The results are tabulated in the figure below. Note that each of these “rules” are only accurate in hindsight. Each utility would need to test how effective previous policies can be implemented on future loads. As one might expect, there is no one-rule-fits-all when trying to predict monthly peaks.
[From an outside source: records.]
Lemma occupation_sym_policy : occupation_eq (policy_kernel sym_policy) mu gamma
  (fun s => sym_occupation s / #|{perm 'I_N}|%:R).
Proof.
move=> s'; set c : R := #|{perm 'I_N}|%:R.
have c_neq0 : c != 0 by rewrite pnatr_eq0 -lt0n; apply/card_gt0P; exists 1%g.
(* Relabelling the arms by [sigma] turns the occupation equation of [Y] at
   [permQ sigma s'] into one term of the symmetrized equation at [s']. *)
have relabelled_occ sigma : gamma * \sum_s \sum_a
    Y (permQ sigma s) * pi (permQ sigma s) (permQ sigma a) * jtrans p s a s' =
    Y (permQ sigma s') - mu s'.
  under eq_bigr do under eq_bigr do rewrite -(jtrans_permQ sigma).
  rewrite (sum_permQ2 sigma (fun u v => Y u * pi u v * jtrans p u v (permQ sigma s'))).
  rewrite (mu_sym sigma s') [in RHS]Y_occ addrC addKr; congr (_ * _).
  apply: eq_bigr => s _; rewrite big_distrr; apply: eq_bigr => a _.
  by rewrite /= mulrA.
have -> : \sum_s sym_occupation s / c * policy_kernel sym_policy s s' =
    c^-1 * \sum_s sym_occupation s * policy_kernel sym_policy s s'.
  by rewrite big_distrr; apply: eq_bigr => s _; rewrite /= mulrAC mulrC.
rewrite sum_sym_occupation_policy mulrCA big_distrr /=.
under eq_bigr do rewrite relabelled_occ.
rewrite sumrB sumr_const -mulr_natr (_ : #|xpredT|%:R = c) //.
by rewrite /sym_occupation; field.
Qed.

Lemma value_sym_policy n : value p r gamma mu sym_policy n =
  #|{perm 'I_N}|%:R^-1 * \sum_(sigma : {perm 'I_N}) value p r gamma mu pi (sigma n).
Proof.
rewrite (value_occupation sym_policy_is_policy n occupation_sym_policy).
under eq_bigr do rewrite mulrAC mulrC.
rewrite -big_distrr /= (sum_sym_occupation_policy (fun s a => r (s n) (a n))).
congr (_ * _).
rewrite [RHS](reindex_inj invg_inj); apply: eq_bigr => sigma _.
transitivity (\sum_s \sum_a
    Y s * pi s a * r (s ((sigma^-1)%g n)) (a ((sigma^-1)%g n))).
  rewrite -(sum_permQ2 sigma
    (fun u v => Y u * pi u v * r (u ((sigma^-1)%g n)) (v ((sigma^-1)%g n)))).
  by apply: eq_bigr => s _; apply: eq_bigr => a _; rewrite !ffunE !permKV.
rewrite (value_occupation pi_policy _ Y_occ); apply: eq_bigr => s _.
by rewrite big_distrr; apply: eq_bigr => a _; rewrite /= mulrA.
Qed.

End Symmetrization.
End SymmetricWCMDP.

Theorem lemma3p1 (R : realType) (S A : finType) (N K : nat)
  (p : S -> A -> S -> R) (r : S -> A -> R)
  (d : 'I_K -> A -> R) (b : 'I_K -> R) (idle : A) (gamma : R)
  (mu : jstate S N -> R) :
  is_kernel p ->
  (forall k a, 0 <= d k a) ->
  (forall k, 0 <= b k) ->
  (forall k, d k idle = 0) ->
  0 <= gamma -> gamma < 1 ->
  is_distr mu ->
  (forall (sigma : {perm 'I_N}) s0, mu s0 = mu (permQ sigma s0)) ->
  forall pi : jstate S N -> jaction A N -> R,
  is_policy d b pi ->
  exists pibar : jstate S N -> jaction A N -> R,
    [/\ is_policy d b pibar,
        perm_invariant pibar
      & forall n : 'I_N,
          value p r gamma mu pibar n
          = N%:R^-1 * \sum_(m < N) value p r gamma mu pi m].
Proof.
move=> p_kernel _ b_ge0 d_idle gamma_ge0 gamma_lt1 [mu_ge0 mu_sum1] mu_sym pi pi_policy.
have [Y Y_ge0 Y_occ] := occupation_exists (policy_kernel_ge0 p_kernel pi_policy)
  (policy_kernel_sum1 p_kernel pi_policy) gamma_ge0 gamma_lt1 mu_ge0 mu_sum1.
exists (sym_policy pi Y idle); split.
- exact: sym_policy_is_policy.
- exact: sym_policy_perm_invariant.
- move=> n; rewrite (value_sym_policy r p_kernel gamma_ge0 gamma_lt1 pi_policy) //.
  by rewrite avg_perm_apply card_ord.
Qed.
The consistent trend, however, is to dispatch if there is a greater-than single digit chance of a local peak, and if the forecast’s percentile is pretty high. (The results for NORTH are quite different than the rest of Texas, here is a link to its heat map.)
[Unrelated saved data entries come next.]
(* Let $f_j$, $j\in J=\{1,\dots,m\}$, be convex functions on $\mathbb{R}^n$, let $D=\{x\in\mathbb{R}^n: f_j(x)\le 0,\ j\in J\}$, and let $f$ be a continuous function on $\mathbb{R}^n$ attaining its minimum on $D$. Assume that $f$ is convex, that each $f_j$ is strongly convex with constant $\mu_j>0$, that $D$ satisfies the Slater condition, and that no point of absolute (unconstrained) minimum of $f$ on $\mathbb{R}^n$ (if such a point exists) belongs to $\operatorname{int} D$. Then the problem $\min\{f(x): x\in D\}$ has a unique solution.
   Context: For each $j\in J$ the set $D_j=\{x: f_j(x)\le 0\}$ is assumed to have nonempty interior. *)

From HB Require Import structures.
From mathcomp Require Import all_boot all_order all_algebra.
From mathcomp Require Import all_classical all_reals all_analysis.
Set Implicit Arguments. Unset Strict Implicit. Unset Printing Implicit Defensive.
Import Order.TTheory GRing.Theory Num.Theory.
Import numFieldNormedType.Exports.
Local Open Scope ring_scope.
Local Open Scope classical_set_scope.

Definition sqnorm (R : realType) (n : nat) (x : 'rV[R]_n) : R :=
  \sum_(i < n) (x ord0 i) ^+ 2.

Definition convex_fun (R : realType) (n : nat) (g : 'rV[R]_n -> R) : Prop :=
  forall (x y : 'rV[R]_n) (t : R), 0 <= t -> t <= 1 ->
    g (t *: x + (1 - t) *: y) <= t * g x + (1 - t) * g y.

Definition strongly_convex (R : realType) (n : nat) (mu : R)
    (g : 'rV[R]_n -> R) : Prop :=
  forall (x y : 'rV[R]_n) (t : R), 0 <= t -> t <= 1 ->
    g (t *: x + (1 - t) *: y)
      <= t * g x + (1 - t) * g y - mu / 2 * t * (1 - t) * sqnorm (x - y).

Definition feasible (R : realType) (n m : nat) (fs : 'I_m -> 'rV[R]_n -> R)
  : set 'rV[R]_n := [set x | forall j, fs j x <= 0].

Definition slater (R : realType) (n m : nat) (fs : 'I_m -> 'rV[R]_n -> R)
  : Prop := exists x : 'rV[R]_n, forall j, fs j x < 0.

Definition is_min_on (R : realType) (n : nat) (g : 'rV[R]_n -> R)
  (A : set 'rV[R]_n) (x : 'rV[R]_n) : Prop :=
  A x /\ forall y, A y -> g x <= g y.

From HB Require Import structures.
From mathcomp Require Import all_boot all_order all_algebra.
From mathcomp Require Import all_classical all_reals all_analysis.
From mathcomp Require Import ring lra.
Import Order.TTheory GRing.Theory Num.Theory.
Import numFieldNormedType.Exports.
Local Open Scope ring_scope.
Local Open Scope classical_set_scope.

(* If x and y were two distinct solutions, strong convexity would make every
   f_j strictly negative at their midpoint z, so z lies in the interior of D,
   and by convexity of f it is again a solution.  A convex function that is
   minimal on a neighbourhood of z is minimal on all of R^n, so z would be an
   absolute minimum of f inside int D, which is excluded. *)

Section ConvexFunction.
Context {R : realType} {n : nat} {g : 'rV[R]_n -> R}.
Hypothesis g_convex : convex_fun g.

Lemma convex_fun_avg_le (M : R) (k : nat) (a : 'I_k -> 'rV[R]_n) :
  (0 < k)%N -> (forall i, g (a i) <= M) ->
  g (k%:R^-1 *: \sum_(i < k) a i) <= M.
Proof.
elim: k a => // -[_ a _ gaM|k IH a _ gaM].
  by rewrite big_ord1 invr1 scale1r.
have g_avg := IH (a \o widen_ord (leqnSn _)) isT (fun i => gaM _).
have g_last := gaM ord_max.
set N : R := k.+1%:R in g_avg *.
have N_gt0 : 0 < N by rewrite ltr0n.
have -> : k.+2%:R = N + 1 :> R by rewrite natr1.
clearbody N.
set t := N / (N + 1).
have t_ge0 : 0 <= t by apply: divr_ge0; lra.
have t_le1 : t <= 1 by rewrite ler_pdivrMr; lra.
have -> : (N + 1)^-1 *: \sum_(i < k.+2) a i
    = t *: (N^-1 *: \sum_(i < k.+1) a (widen_ord (leqnSn _) i))
      + (1 - t) *: a ord_max.
  rewrite big_ord_recr /= scalerDr scalerA.
  have [N_neq0 N1_neq0] : N != 0 /\ N + 1 != 0 by rewrite !gt_eqF //; lra.
  by congr (_ *: _ + _ *: _); rewrite /t; field; rewrite ?N_neq0 ?N1_neq0.
apply: le_trans (g_convex _ _ _ t_ge0 t_le1) _; nra.
Qed.

Lemma convex_fun_segment_le_max (z v : 'rV[R]_n) (N c : R) :
  0 < N -> `|c| <= N ->
  g (z + c *: v) <= Num.max (g (z + N *: v)) (g (z - N *: v)).
Proof.
move=> N_gt0; rewrite ler_norml => /andP[Nc cN].
set t := (N + c) / (2 * N).
have t_ge0 : 0 <= t by apply: divr_ge0; lra.
have t_le1 : t <= 1 by rewrite ler_pdivrMr; lra.
have -> : z + c *: v = t *: (z + N *: v) + (1 - t) *: (z - N *: v).
  by apply/rowP => i; rewrite !mxE /t; field; lra.
apply: le_trans (g_convex _ _ _ t_ge0 t_le1) _.
have [a_le_b|b_lt_a] := leP (g (z + N *: v)) (g (z - N *: v)); nra.
Qed.

Lemma convex_fun_bounded_on_ball (z : 'rV[R]_n) :
  exists M, forall y, ball z 1 y -> g y <= M.
Proof.
have [n0|n_gt0] := posnP n.
  exists (g z) => y _; suff -> : y = z by [].
  by apply/rowP => i; have := ltn_ord i; rewrite [X in (_ < X)%N]n0.
set N : R := n%:R.
have N_gt0 : 0 < N by rewrite ltr0n.
exists (\sum_(i < n) (`|g (z + N *: 'e_i)| + `|g (z - N *: 'e_i)|)).
move=> y [_ zy].
(* y is the average of the n points z + n (y - z)_i e_i, each lying on the
   coordinate segment of half-length n about z. *)
pose a i := z + (N * (y - z) 0 i) *: 'e_i.
have -> : y = N^-1 *: \sum_(i < n) a i.
  under eq_bigr => i _ do rewrite /a -scalerA.
  rewrite big_split /= sumr_const card_ord -scaler_nat -scaler_sumr.
  rewrite -row_sum_delta scalerDr !scalerA mulVf ?gt_eqF // !scale1r.
  by rewrite addrC subrK.
apply: convex_fun_avg_le => // i; rewrite /a.
have coord_le : `|N * (y - z) 0 i| <= N.
  rewrite normrM gtr0_norm // ler_piMr ?ltW //.
  by have := zy 0 i; rewrite -ball_normE /ball_ /= !mxE distrC.
apply: le_trans (convex_fun_segment_le_max _ _ _ _ N_gt0 coord_le) _.
rewrite (bigD1 i) //= ge_max.
have rest_ge0 : 0 <= \sum_(j < n | j != i)
    (`|g (z + N *: 'e_j)| + `|g (z - N *: 'e_j)|).
  by apply: sumr_ge0 => j _; rewrite addr_ge0.
set gp := g (z + N *: 'e_i); set gm := g (z - N *: 'e_i).
have := ler_norm gp; have := ler_norm gm.
have := normr_ge0 gp; have := normr_ge0 gm.
by move=> *; apply/andP; split; lra.
Qed.

Lemma convex_fun_sublevel_nbhs {z : 'rV[R]_n} {c : R} :
  g z < c -> nbhs z [set y | g y <= c].
Proof.
move=> gz_c; have [M gM] := convex_fun_bounded_on_ball z.
have gz_M : g z <= M by apply: gM; apply: ballxx.
set s := (c - g z) / (M - g z + (c - g z)).
have s_gt0 : 0 < s by apply: divr_gt0; lra.
have s_le1 : s <= 1 by rewrite ler_pdivrMr; lra.
have sE : s * (M - g z + (c - g z)) = c - g z.
  by rewrite divfK // gt_eqF //; lra.
apply/nbhs_ballP; exists s => // y [_ zy].
(* Stretch y away from z by the factor 1/s to land in ball z 1. *)
pose w := z + s^-1 *: (y - z).
have gw_M : g w <= M.
  apply: gM; split => // i j; have := zy i j.
  rewrite -!ball_normE /ball_ /= /w !mxE.
  have -> : z i j - (z i j + s^-1 * (y i j - z i j)) = s^-1 * (z i j - y i j).
    by ring.
  by rewrite normrM gtr0_norm ?invr_gt0 // ltr_pdivrMl // mulr1.
have -> : y = s *: w + (1 - s) *: z.
  by apply/rowP => i; rewrite /w !mxE; field; rewrite gt_eqF.
apply: le_trans (g_convex _ _ _ (ltW s_gt0) s_le1) _; nra.
Qed.

Lemma convex_fun_min_on_nbhs {A : set 'rV[R]_n} {z : 'rV[R]_n} :
  nbhs z A -> is_min_on g A z -> is_min_on g setT z.
Proof.
move=> /nbhs_ballP[e /= e_gt0 zeA] [_ zmin]; split => // w _.
have wz_ge0 := normr_ge0 (w - z).
set t : R := e / (2 * (`|w - z| + e)).
have t_gt0 : 0 < t by apply: divr_gt0; lra.
have t_le1 : t <= 1 by rewrite ler_pdivrMr; lra.
have t_small : t * `|w - z| < e.
  by rewrite /t mulrAC ltr_pdivrMr; [nra | lra].
pose p := t *: w + (1 - t) *: z.
have Ap : A p.
  apply: zeA; rewrite -ball_normE /ball_ /=.
  have -> : z - p = t *: (z - w) by apply/rowP => i; rewrite /p !mxE; ring.
  by rewrite normrZ gtr0_norm // distrC.
have := zmin p Ap; have := g_convex w z t (ltW t_gt0) t_le1.
rewrite -/p; nra.
Qed.

End ConvexFunction.

Lemma sqnorm_gt0 (R : realType) (n : nat) (v : 'rV[R]_n) :
  v != 0 -> 0 < sqnorm v.
Proof.
move=> v_neq0; rewrite lt_neqAle sumr_ge0 ?andbT => [|i _]; last exact: sqr_ge0.
apply: contra v_neq0 => /eqP/esym/psumr_eq0P v0.
apply/eqP/rowP => i; rewrite mxE.
by have /eqP := v0 (fun k _ => sqr_ge0 _) i isT; rewrite sqrf_eq0 => /eqP.
Qed.

Lemma strongly_convex_lt {R : realType} {n : nat} {mu : R}
    {g : 'rV[R]_n -> R} {x y : 'rV[R]_n} {t : R} :
  0 < mu -> strongly_convex mu g -> x != y -> 0 < t -> t < 1 ->
  g (t *: x + (1 - t) *: y) < t * g x + (1 - t) * g y.
Proof.
move=> mu_gt0 g_sc xy t_gt0 t_lt1.
have xy_gt0 : 0 < sqnorm (x - y) by apply: sqnorm_gt0; rewrite subr_eq0.
apply: le_lt_trans (g_sc x y t (ltW t_gt0) (ltW t_lt1)) _.
rewrite ltrBlDr ltrDl !mulr_gt0 ?divr_gt0 //; lra.
Qed.

Lemma feasible_interior {R : realType} {n m : nat}
    {fs : 'I_m -> 'rV[R]_n -> R} {z : 'rV[R]_n} :
  (forall j, convex_fun (fs j)) -> (forall j, fs j z < 0) ->
  interior (feasible fs) z.
Proof.
move=> fs_convex fs_z.
exact: filter_forall (fun j => convex_fun_sublevel_nbhs (fs_convex j) (fs_z j)).
Qed.

Theorem theorem1p1p3 (R : realType) (n m : nat)
  (fs : 'I_m -> 'rV[R]_n -> R) (f : 'rV[R]_n -> R) (mu : 'I_m -> R) :
  (forall j, convex_fun (fs j)) ->
  (forall j, (interior [set x | fs j x <= 0]) !=set0) ->
  continuous f ->
  (exists x, is_min_on f (feasible fs) x) ->
  convex_fun f ->
  (forall j, 0 < mu j) ->
  (forall j, strongly_convex (mu j) (fs j)) ->
  slater fs ->
  (forall x, is_min_on f setT x -> ~ (interior (feasible fs)) x) ->
  exists x, is_min_on f (feasible fs) x /\
    forall y, is_min_on f (feasible fs) y -> y = x.
Proof.
move=> fs_convex _ _ [x [Dx xmin]] f_convex mu_gt0 fs_sc _ no_free_min.
exists x; split => // y [Dy ymin]; have [//|yx] := eqVneq y x.
have half_gt0 : 0 < 2^-1 :> R by rewrite invr_gt0.
have half_lt1 : 2^-1 < 1 :> R by rewrite invf_lt1 // ltr1n.
pose z := 2^-1 *: y + (1 - 2^-1) *: x.
have z_int : interior (feasible fs) z.
  apply: feasible_interior => // j.
  have := strongly_convex_lt (mu_gt0 j) (fs_sc j) yx half_gt0 half_lt1.
  have := Dx j; have := Dy j; lra.
have zmin : is_min_on f (feasible fs) z.
  split=> [|w Dw]; first exact: interior_subset.
  have := f_convex y x _ (ltW half_gt0) (ltW half_lt1).
  have := ymin x Dx; have := xmin w Dw; lra.
by case: (no_free_min z (convex_fun_min_on_nbhs f_convex z_int zmin) z_int).
Qed.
Region | Most effective rule | % days dispatched | % peaks missed | In layman’s terms |
---|---|---|---|---|

NCENT | Dispatch if there is ≥ 4% chance of local peak and tomorrow is ≥ the 99th percentile. | 18.05 | 1.67 | By dispatching every 5-6 days, you’ll miss one peak every 5 years. |

COAST | Dispatch if there is ≥ 2% chance of local peak and tomorrow is ≥ the 89th percentile. | 20.74 | 5.05 | By dispatching every 6 days, you’ll miss one peak every 2 years. |

EAST | Dispatch if there is ≥ 2% chance of local peak and tomorrow is ≥ the 68th percentile. | 20.6 | 5 | By dispatching every 6 days, you’ll miss one peak every 2 years. |

FWEST | Dispatch if there is ≥ 5% chance of local peak and tomorrow is ≥ the 72nd percentile. | 26 | 6.67 | By dispatching every 8 days, you’ll miss one peak every 15 months. |

NORTH | Dispatch if there is ≥ 4% chance of local peak and tomorrow is ≥ the 4th percentile. | 21 | 6.67 | By dispatching every 6 days, you’ll miss one peak every 15 months. |

SCENT | Dispatch if there is ≥ 11% chance of local peak and tomorrow is ≥ the 78nd percentile. | 14.5 | 6.67 | By dispatching every 4-5 days, you’ll miss one peak every 15 months. |

SOUTH | Dispatch if there is ≥ 3% chance of local peak and tomorrow is ≥ the 92nd percentile. | 23.37 | 0.83 | By dispatching every 7 days, you’ll miss one peak every 10 years. |

WEST | Dispatch if there is ≥ 6% chance of local peak and tomorrow is ≥ the 88th percentile. | 18.77 | 3.33 | By dispatching every 5-6 days, you’ll miss one peak every 3 years. |

The results suggest that the “local peak likelihood” variable is doing most of the heavy lifting in this function, and the percentile factor is helping detect obvious non-peaks in a historical context.

It’s not lost on me that this optimization could also be aided by breaking down rules for each month, or even applying some kind of machine learning algorithm; however, because future load behavior can differ from the past based on changing technology and consumption patterns, those processes can easily fall victim to overfitting.

There is a great opportunity, however, for utilities to leverage machine learning and basic statistics to better inform their dispatch decisions, saving money and building customer trust in the process.